- [Raw data]
(* Let $\mathbf C$ be a category of coframes. The forgetful functor $|\_|:\mathbf C^{\mathrm{adh}}\to\mathbf C$ is topological: every sink $(\varphi_i:|L_i|\to L)_{i\in I}$ of $\mathbf C$-morphisms, with each $L_i$ an adherence $\mathbf C$-object, has a unique final lift, namely $(L,\nu_L)$ where $$\nu_L(\ell)=\bigwedge_{\substack{n\in\mathbb N,\ a_1,\dots,a_n\in\mathcal C_L\\ \ell\le\bigvee_{j=1}^n a_j}}\ \bigvee_{j=1}^n\ \bigwedge_{i\in I}\varphi_i\big(\nu_{L_i}(\varphi_{i!}(a_j))\big).$$
   Context: A category of coframes has coframes as objects and coframe morphisms (preserving arbitrary infima and finite suprema); each coframe morphism $\varphi$ has a left adjoint $\varphi_!$. $\mathcal C_L$ is the set of complemented elements of $L$. An adherence structure on $L$ is a monotone $\nu:L\to L$ preserving finite suprema of complemented elements with $\nu(\ell)=\bigwedge\{\nu(a):a\in\mathcal C_L,a\ge\ell\}$. An adherence $\mathbf C$-object is $(L,\nu_L)$ with $\nu_L$ an adherence structure; $\mathbf C^{\mathrm{adh}}$ has as morphisms the $\mathbf C$-morphisms $\varphi:L\to L'$ that are continuous: $\nu_{L'}(\ell')\le\varphi(\nu_L(\varphi_!(\ell')))$ for all $\ell'\in L'$. $|\_|$ sends $(L,\nu_L)$ to $L$. A lift of the sink is an adherence structure on $L$ making every $\varphi_i$ continuous; it is final if for every $\mathbf C$-morphism $\psi:L\to|L'|$ with $L'$ an adherence $\mathbf C$-object, $\psi$ is continuous iff every $\psi\circ\varphi_i$ is continuous. *)

From Stdlib Require Import List.
Import ListNotations.
(* Expansion along the last column of [Y | column j of Y], whose determinant
   vanishes, then linearity in j. *)
Lemma cramer_row' (Y : 'M[R]_(m.+1, m)) (c : 'cV[R]_m) :
  \sum_(k < m.+1) (-1) ^+ k * \det (row' k Y) * (row k Y *m c) 0 0 = 0.
Proof.
have col_cramer j : \sum_(k < m.+1) (-1) ^+ k * \det (row' k Y) * Y k j = 0.
  pose N := \matrix_(r, l < m.+1)
    if unlift ord_max l is Some l' then Y r l' else Y r j.
  have N0 : \det N = 0.
    rewrite -det_tr (@determinant_alternate _ _ _ (lift ord_max j) ord_max) //.
      by rewrite eq_sym neq_lift.
    by move=> r; rewrite !mxE liftK unlift_none.
  have col'N : col' ord_max N = Y by apply/matrixP => a b; rewrite !mxE liftK.
  transitivity ((-1) ^+ m * \det N); last by rewrite N0 mulr0.
  rewrite (expand_det_col _ ord_max) big_distrr; apply: eq_bigr => k _.
  rewrite /cofactor col'N !mxE unlift_none exprD -[LHS](signrMK m).
  by congr (_ * _); ring.
transitivity (\sum_(j < m) (\sum_(k < m.+1) (-1) ^+ k * \det (row' k Y) * Y k j) * c j 0).
  under [RHS]eq_bigr => j _ do rewrite big_distrl.
  rewrite [RHS]exchange_big; apply: eq_bigr => k _; rewrite mxE big_distrr.
  by apply: eq_bigr => j _; rewrite !mxE; exact: mulrA.
by rewrite big1 // => j _; rewrite col_cramer mul0r.
Qed.

Lemma row'_seqmx s (k : 'I_m.+1) : size s = m.+1 ->
  row' k (seqmx m.+1 s) = seqmx m (take k s ++ drop k.+1 s).
Proof.
move=> sz; apply/matrixP => i j; rewrite !mxE nth_cat size_take sz ltn_ord.
rewrite [nat_of_ord (lift _ _)]/= /bump; case: ltnP => [ik | ki].
  by rewrite nth_take // leqNgt ik.
by rewrite nth_drop addSn subnKC.
Qed.

Lemma bracket_cramer (u t : seq nat) (c : 'cV[R]_m) :
  (size u + size t)%N = m.+1 -> {in u, forall y, (x y *m c) 0 0 = 0} ->
  \sum_(k < size t)
     (-1) ^+ k * bracket (u ++ take k t ++ drop k.+1 t) * (x (nth 0 t k) *m c) 0 0 = 0.
Proof.
move=> sz cu; set s := u ++ t.
pose F k := (-1) ^+ k * bracket (take k s ++ drop k.+1 s) * (x (nth 0 s k) *m c) 0 0.
have F0 : \sum_(k < m.+1) F k = 0.
  rewrite -[RHS](cramer_row' (seqmx m.+1 s) c); apply: eq_bigr => k _.
  have sz_s : size s = m.+1 by rewrite size_cat.
  rewrite /F /bracket row'_seqmx // rowK size_cat size_take size_drop sz_s ltn_ord.
  by rewrite subSS subnKC ?eqxx // -ltnS.
rewrite -(big_mkord xpredT F) -sz (big_cat_nat _ (leq_addr _ _)) //= in F0.
rewrite big_nat big1 ?add0r in F0; last first.
  by move=> k /andP[_ ku]; rewrite /F nth_cat ku cu ?mulr0 // mem_nth.
rewrite -{1}(add0n (size u)) big_addn addKn big_mkord in F0.
transitivity ((-1) ^+ size u * \sum_(k < size t) F (k + size u)%N).
  rewrite big_distrr; apply: eq_bigr => k _; rewrite -[LHS](signrMK (size u)).
  congr (_ * _); rewrite /F !(take_cat, drop_cat, nth_cat).
  rewrite !ltnNge !leq_addl /= !addnK leqW ?leq_addl //= -addSn addnK -catA exprD; ring.
by rewrite F0 mulr0.
Qed.

Lemma bracket_notuniq s : ~~ uniq s -> bracket s = 0.
Proof.
rewrite /bracket; case: eqP => // sz /(uniqPn 0)[i [j [ij js eq_ij]]].
have jm : (j < m)%N by rewrite -sz.
apply: (@determinant_alternate _ _ _ (Ordinal (ltn_trans ij jm)) (Ordinal jm)).
  by rewrite -val_eqE /= ltn_eqF.
by move=> k; rewrite !mxE eq_ij.
Qed.

Lemma bracket_linear s : (size s).+1 = m ->
  exists L : 'cV[R]_m, forall k, bracket (rcons s k) = (x k *m L) 0 0.
Proof.
move=> sz; have lt : (size s < m)%N by rewrite -sz.
pose i0 := Ordinal lt.
exists (\col_j cofactor (seqmx m (rcons s 0)) i0 j) => k.
rewrite /bracket size_rcons sz eqxx (expand_det_row _ i0) mxE.
apply: eq_bigr => j _; rewrite !mxE nth_rcons ltnn eqxx; congr (_ * _).
rewrite /cofactor; congr (_ * \det _); apply/matrixP => a b; rewrite !mxE !nth_rcons.
have a_lt : (a < size s)%N by case: a => /= a; rewrite -sz.
by rewrite [nat_of_ord (lift _ _)]/= /bump [(size s <= _)%N]leqNgt a_lt add0n a_lt.
Qed.

Lemma bracket_grassmann_plucker u a b c d :
  bracket (u ++ [:: a; b]) * bracket (u ++ [:: c; d])
  - bracket (u ++ [:: a; c]) * bracket (u ++ [:: b; d])
  + bracket (u ++ [:: a; d]) * bracket (u ++ [:: b; c]) = 0.
Proof.
have [sz | nsz] := eqVneq (size u).+2 m; last first.
  by rewrite /bracket !size_cat /= addn2 (negbTE nsz) !mul0r subrr addr0.
have [|L bracketL] := @bracket_linear (rcons u a); first by rewrite size_rcons.
have Lu : {in u, forall y, (x y *m L) 0 0 = 0}.
  by move=> y yu; rewrite -bracketL bracket_notuniq // rcons_uniq mem_rcons in_cons yu orbT.
have := @bracket_cramer u [:: b; c; d] L _ Lu; rewrite addn3 sz => /(_ erefl).
rewrite !big_ord_recl big_ord0 /= -!bracketL -!cats1 -!catA /= => cramer.
by rewrite -[RHS]cramer; ring.
Qed.

End Brackets.

Lemma det_neq0_kernel_row (K : fieldType) m k (A : 'M[K]_(k, m)) (M : 'M[K]_m)
    (L : 'cV[K]_m) (i : 'I_m) :
  (A <= M)%MS -> \rank A = m.-1 -> A *m L = 0 -> (row i M *m L) 0 0 != 0 ->
  \det M != 0.
Proof.
move=> AM rkA AL; apply: contraNneq => detM0; apply/eqP.
have rkM : (\rank M <= \rank A)%N.
  have : \rank M != m by rewrite -/(row_free M) row_free_unit unitmxE detM0 unitr0.
  by have := rank_leq_row M; rewrite rkA; lia.
have /submxP[y ->] : (row i M <= A)%MS.
  apply: submx_trans (row_sub i M) _.
  by rewrite -(mxrank_leqif_sup AM) eqn_leq rkM mxrankS.
by rewrite -mulmxA AL mulmx0 mxE.
Qed.

Section FacetSigns.
Variables (R : realType) (n d : nat) (p : 'I_n.+1 -> 'rV[R]_d).

Definition hom_pt (k : nat) : 'rV[R]_(d + 1) := row_mx (p (inord k)) (const_mx 1).

Lemma hom_pt_mul_col_mx (a : 'rV[R]_d) b k :
  (hom_pt k *m col_mx a^T (const_mx (- b) : 'cV[R]_1)) 0 0 = dotp (p (inord k)) a - b.
Proof.
rewrite mul_row_col !mxE big_ord1 !mxE mul1r; congr (_ + _).
by apply: eq_bigr => j _; rewrite !mxE.
Qed.

Variables (F : seq nat) (a : 'rV[R]_d) (b : R).
Hypotheses (sizeF : size F = d) (F_lt : all (fun k => k < n.+1)%N F).
Let T := [set i : 'I_n.+1 | nat_of_ord i \in F].
Hypotheses (onT : forall i, i \in T -> dotp (p i) a = b)
           (offT : forall i, i \notin T -> dotp (p i) a < b).
Let L := col_mx a^T (const_mx (- b) : 'cV[R]_1).

Lemma facet_functional_eq0 : {in F, forall k, (hom_pt k *m L) 0 0 = 0}.
Proof.
move=> k kF; rewrite hom_pt_mul_col_mx onT ?subrr // /T inE inordK //.
exact: (allP F_lt).
Qed.

Lemma facet_functional_lt0 k : (k < n.+1)%N -> k \notin F -> (hom_pt k *m L) 0 0 < 0.
Proof. by move=> kn kF; rewrite hom_pt_mul_col_mx subr_lt0 offT // /T inE inordK. Qed.

Lemma facet_bracket_neq0 v : \rank (hom_mx p T) = d ->
  (v < n.+1)%N -> v \notin F -> bracket hom_pt (F ++ [:: v]) != 0.
Proof.
move=> rkT vn vF; pose MF := seqmx hom_pt d F.
have homF : (hom_mx p T <= MF)%MS.
  apply/row_subP => i; case: (boolP (i \in T)) => iT; last first.
    by rewrite (_ : row i _ = 0) ?sub0mx //; apply/rowP => j; rewrite !mxE (negbTE iT).
  have iF : (val i \in F) by rewrite inE in iT.
  have ltF : (index (val i) F < d)%N by rewrite -sizeF index_mem.
  rewrite (_ : row i _ = row (Ordinal ltF) MF) ?row_sub //.
  by apply/rowP => j; rewrite !mxE iT nth_index // inord_val.
have rkF : \rank MF = d.
  by apply/eqP; rewrite eqn_leq rank_leq_row -{1}rkT mxrankS.
have szFv : size (F ++ [:: v]) = (d + 1)%N by rewrite size_cat sizeF.
rewrite /bracket szFv eqxx.
have lt_d : (d < d + 1)%N by rewrite addn1.
apply: (@det_neq0_kernel_row _ _ _ MF _ L (Ordinal lt_d)).
- apply/row_subP => i; have lt_i : (i < d + 1)%N by rewrite addn1 ltnS ltnW.
  rewrite rowK (_ : hom_pt _ = row (Ordinal lt_i) (seqmx hom_pt (d + 1) (F ++ [:: v]))).
    exact: row_sub.
  by rewrite rowK /= nth_cat sizeF ltn_ord.
- by rewrite rkF addn1.
- apply/colP => i; rewrite [RHS]mxE (_ : (MF *m L) i 0 = (row i MF *m L) 0 0).
    by rewrite rowK (facet_functional_eq0 (mem_nth 0 _)) // sizeF.
  by rewrite -row_mul [RHS]mxE.
by rewrite rowK /= nth_cat sizeF ltnn subnn lt_eqF // facet_functional_lt0.
Qed.

Lemma facet_bracket_sign v w : \rank (hom_mx p T) = d ->
  (v < n.+1)%N -> (w < n.+1)%N -> v \notin F -> w \notin F ->
  0 < bracket hom_pt (F ++ [:: v]) * bracket hom_pt (F ++ [:: w]).
Proof.
move=> rkT vn wn vF wF.
have sz : (size F + size [:: v; w])%N = (d + 1).+1 by rewrite sizeF addn1 addn2.
have := @bracket_cramer _ _ hom_pt F [:: v; w] L sz facet_functional_eq0.
rewrite !big_ord_recl big_ord0 /=.
have := facet_functional_lt0 vn vF; have := facet_functional_lt0 wn wF.
have := facet_bracket_neq0 rkT vn vF.
set X := bracket _ (_ ++ [:: v]); set Y := bracket _ (_ ++ [:: w]).
rewrite expr0 mul1r addr0 /= expr1 mulN1r => nzX lw lv cramer.
have X2 : 0 < X * X by rewrite -expr2 exprn_even_gt0.
have : X * Y * (hom_pt v *m L) 0 0 = X * X * (hom_pt w *m L) 0 0.
  by rewrite -!mulrA; congr (_ * _); lra.
nra.
Qed.

End FacetSigns.

Lemma is_facet_bracket_sign (R : realType) n d (p : 'I_n.+1 -> 'rV[R]_d) F v w :
  is_facet p [set i : 'I_n.+1 | nat_of_ord i \in F] ->
  size F = d -> all (fun k => k < n.+1)%N F ->
  (v < n.+1)%N -> (w < n.+1)%N -> v \notin F -> w \notin F ->
  0 < bracket (hom_pt p) (F ++ [:: v]) * bracket (hom_pt p) (F ++ [:: w]).
Proof.
move=> [[a [b [_ onT offT]]] rkT] sizeF F_lt.
exact: (@facet_bracket_sign R n d p F a b sizeF F_lt onT offT v w rkT).
Qed.

Fixpoint insert_sign (a : nat) (s : seq nat) : bool * seq nat :=
  if s is b :: s' then
    if (a <= b)%N then (false, a :: s)
    else let: (e, t) := insert_sign a s' in (~~ e, b :: t)
  else (false, [:: a]).

Fixpoint sort_sign (s : seq nat) : bool * seq nat :=
  if s is a :: s' then
    let: (e, t) := sort_sign s' in
    let: (e', t') := insert_sign a t in (e (+) e', t')
  else (false, [::]).

Definition lookup_sign (kb : seq (seq nat * bool)) (s : seq nat) : option bool :=
  let: (e, t) := sort_sign s in omap (addb e) (ohead [seq f.2 | f <- kb & f.1 == t]).

Inductive step :=
  | FacetStep of seq nat & nat & nat
  | PluckerStep of seq nat & nat & nat & nat & nat.

Definition step_claim (facets : seq (seq nat)) (n : nat) kb st : option (seq nat * bool) :=
  match st with
  | FacetStep F v w =>
      if [&& F \in facets, v \notin F, w \notin F, (v < n)%N & (w < n)%N]
      then omap (pair (F ++ [:: w])) (lookup_sign kb (F ++ [:: v]))
      else None
  | PluckerStep u a b c d =>
      (* [u a b][u c d] = [u a c][u b d] - [u a d][u b c], used when the two terms
         on the right are known to have the same sign *)
      let sign x y := lookup_sign kb (u ++ [:: x; y]) in
      if (sign c d, sign a c, sign b d, sign a d, sign b c)
        is (Some ecd, Some eac, Some ebd, Some ead, Some ebc)
      then if ~~ (eac (+) ebd) == ead (+) ebc
           then Some (u ++ [:: a; b], ~~ (ead (+) ebc) (+) ecd) else None
      else None
  end.

Fixpoint refutes facets n kb (cert : seq step) : bool :=
  if cert is st :: cert' then
    if step_claim facets n kb st is Some (t, b) then
      (lookup_sign kb t == Some (~~ b)) ||
      let: (e, t') := sort_sign t in refutes facets n ((t', e (+) b) :: kb) cert'
    else false
  else false.

Definition refutation facets n (seed : seq nat) (cert : seq step) : bool :=
  let: (e, t) := sort_sign seed in refutes facets n [:: (t, e)] cert.

Lemma sgrD_same (R : realDomainType) (x y : R) (e : bool) :
  Num.sg x = (-1) ^+ e -> Num.sg y = (-1) ^+ e -> Num.sg (x + y) = (-1) ^+ e :> R.
Proof.
case: e; rewrite ?expr0 ?expr1 => sx sy.
  have x0 : x < 0 by rewrite -sgr_lt0 sx ltrN10.
  have y0 : y < 0 by rewrite -sgr_lt0 sy ltrN10.
  by rewrite ltr0_sg //; lra.
have x0 : 0 < x by rewrite -sgr_gt0 sx ltr01.
have y0 : 0 < y by rewrite -sgr_gt0 sy ltr01.
by rewrite gtr0_sg // addr_gt0.
Qed.
(* Let $M$ be a $\lambda$-term. If $M$ is typable in the system $E^S_A$ (i.e. some judgment $\Delta\vdash M:a$ is derivable), then the head reduction of $M$ ends.
   Context: $[n]=\{1,\dots,n\}$. Fix a class $\mathcal C$ of functions between finite ordinals equal to one of: all bijections, all injections, all surjections, all functions. For a small category $X$, $SX$ has finite lists of objects of $X$ as objects and morphisms $\langle x_1,\dots,x_n\rangle\to\langle y_1,\dots,y_m\rangle$ the tuples $\langle\alpha,f_1,\dots,f_m\rangle$ with $\alpha:[m]\to[n]$ in $\mathcal C$, $f_i:x_{\alpha(i)}\to y_i$; composite of $\langle\alpha,\vec f\rangle$ then $\langle\beta,\vec g\rangle$ is $\langle\alpha\circ\beta,(g_i\circ f_{\beta(i)})_i\rangle$; tensor $\oplus$ = concatenation, unit $\langle\rangle$. Fix a small category $A$. $D=D_A$ is the colimit of $D_0=A$, $D_{k+1}=(SD_k)^{o}\times D_k\sqcup A$: objects $a::=o\mid\langle a_1,\dots,a_k\rangle\Rightarrow a$ ($o\in\mathrm{Ob}(A)$); morphisms are those of $A$ and $\langle\alpha,\vec f\rangle\Rightarrow f:(\vec a\Rightarrow a)\to(\vec a'\Rightarrow a')$ for $\langle\alpha,\vec f\rangle:\vec a'\to\vec a$ in $SD$, $f:a\to a'$. $SD=S(D_A)$. Contexts are $\Delta=\langle\vec a_1,\dots,\vec a_n\rangle\in(SD)^n$, written $x_1:\vec a_1,\dots,x_n:\vec a_n$; $\otimes$ is componentwise concatenation. Type system $E^S_A$: (Var) given morphisms $f_j:\vec a_j\to\langle\rangle$ ($j\ne i$) and $f_i:\vec a_i\to\langle a\rangle$ in $SD$, infer $x_1:\vec a_1,\dots,x_n:\vec a_n\vdash x_i:a$; (Abs) from $\Delta,x:\vec a\vdash M:a$ infer $\Delta\vdash\lambda x.M:\vec a\Rightarrow a$; (App) from $\Gamma_0\vdash M:\langle a_1,\dots,a_k\rangle\Rightarrow a$, $\Gamma_i\vdash N:a_i$ ($1\le i\le k$) and a morphism $\eta:\Delta\to\bigotimes_{i=0}^k\Gamma_i$ in $(SD)^n$, infer $\Delta\vdash MN:a$. Head reduction: $H(M)=M$ if $M=\lambda\vec y.\,y\vec N$, and $H(M)=\lambda\vec y.\,P[N/x]\vec N$ if $M=\lambda\vec y.(\lambda x.P)N\vec N$; the head reduction of $M$ ends if iterating $H$ reaches a term $M'$ with $H(M')=M'$. *)

From mathcomp Require Import all_boot.
Set Implicit Arguments.
Unset Strict Implicit.
Unset Printing Implicit Defensive.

- [Work instruction] Would you print, exactly as written, every line above from the one holding "Fixpoint refutes facets" through the one holding "(* Let $M$ be", with both included and no other lines?

- [Response to this task]
Fixpoint refutes facets n kb (cert : seq step) : bool :=
  if cert is st :: cert' then
    if step_claim facets n kb st is Some (t, b) then
      (lookup_sign kb t == Some (~~ b)) ||
      let: (e, t') := sort_sign t in refutes facets n ((t', e (+) b) :: kb) cert'
    else false
  else false.

Definition refutation facets n (seed : seq nat) (cert : seq step) : bool :=
  let: (e, t) := sort_sign seed in refutes facets n [:: (t, e)] cert.

Lemma sgrD_same (R : realDomainType) (x y : R) (e : bool) :
  Num.sg x = (-1) ^+ e -> Num.sg y = (-1) ^+ e -> Num.sg (x + y) = (-1) ^+ e :> R.
Proof.
case: e; rewrite ?expr0 ?expr1 => sx sy.
  have x0 : x < 0 by rewrite -sgr_lt0 sx ltrN10.
  have y0 : y < 0 by rewrite -sgr_lt0 sy ltrN10.
  by rewrite ltr0_sg //; lra.
have x0 : 0 < x by rewrite -sgr_gt0 sx ltr01.
have y0 : 0 < y by rewrite -sgr_gt0 sy ltr01.
by rewrite gtr0_sg // addr_gt0.
Qed.
(* Let $M$ be a $\lambda$-term. If $M$ is typable in the system $E^S_A$ (i.e. some judgment $\Delta\vdash M:a$ is derivable), then the head reduction of $M$ ends.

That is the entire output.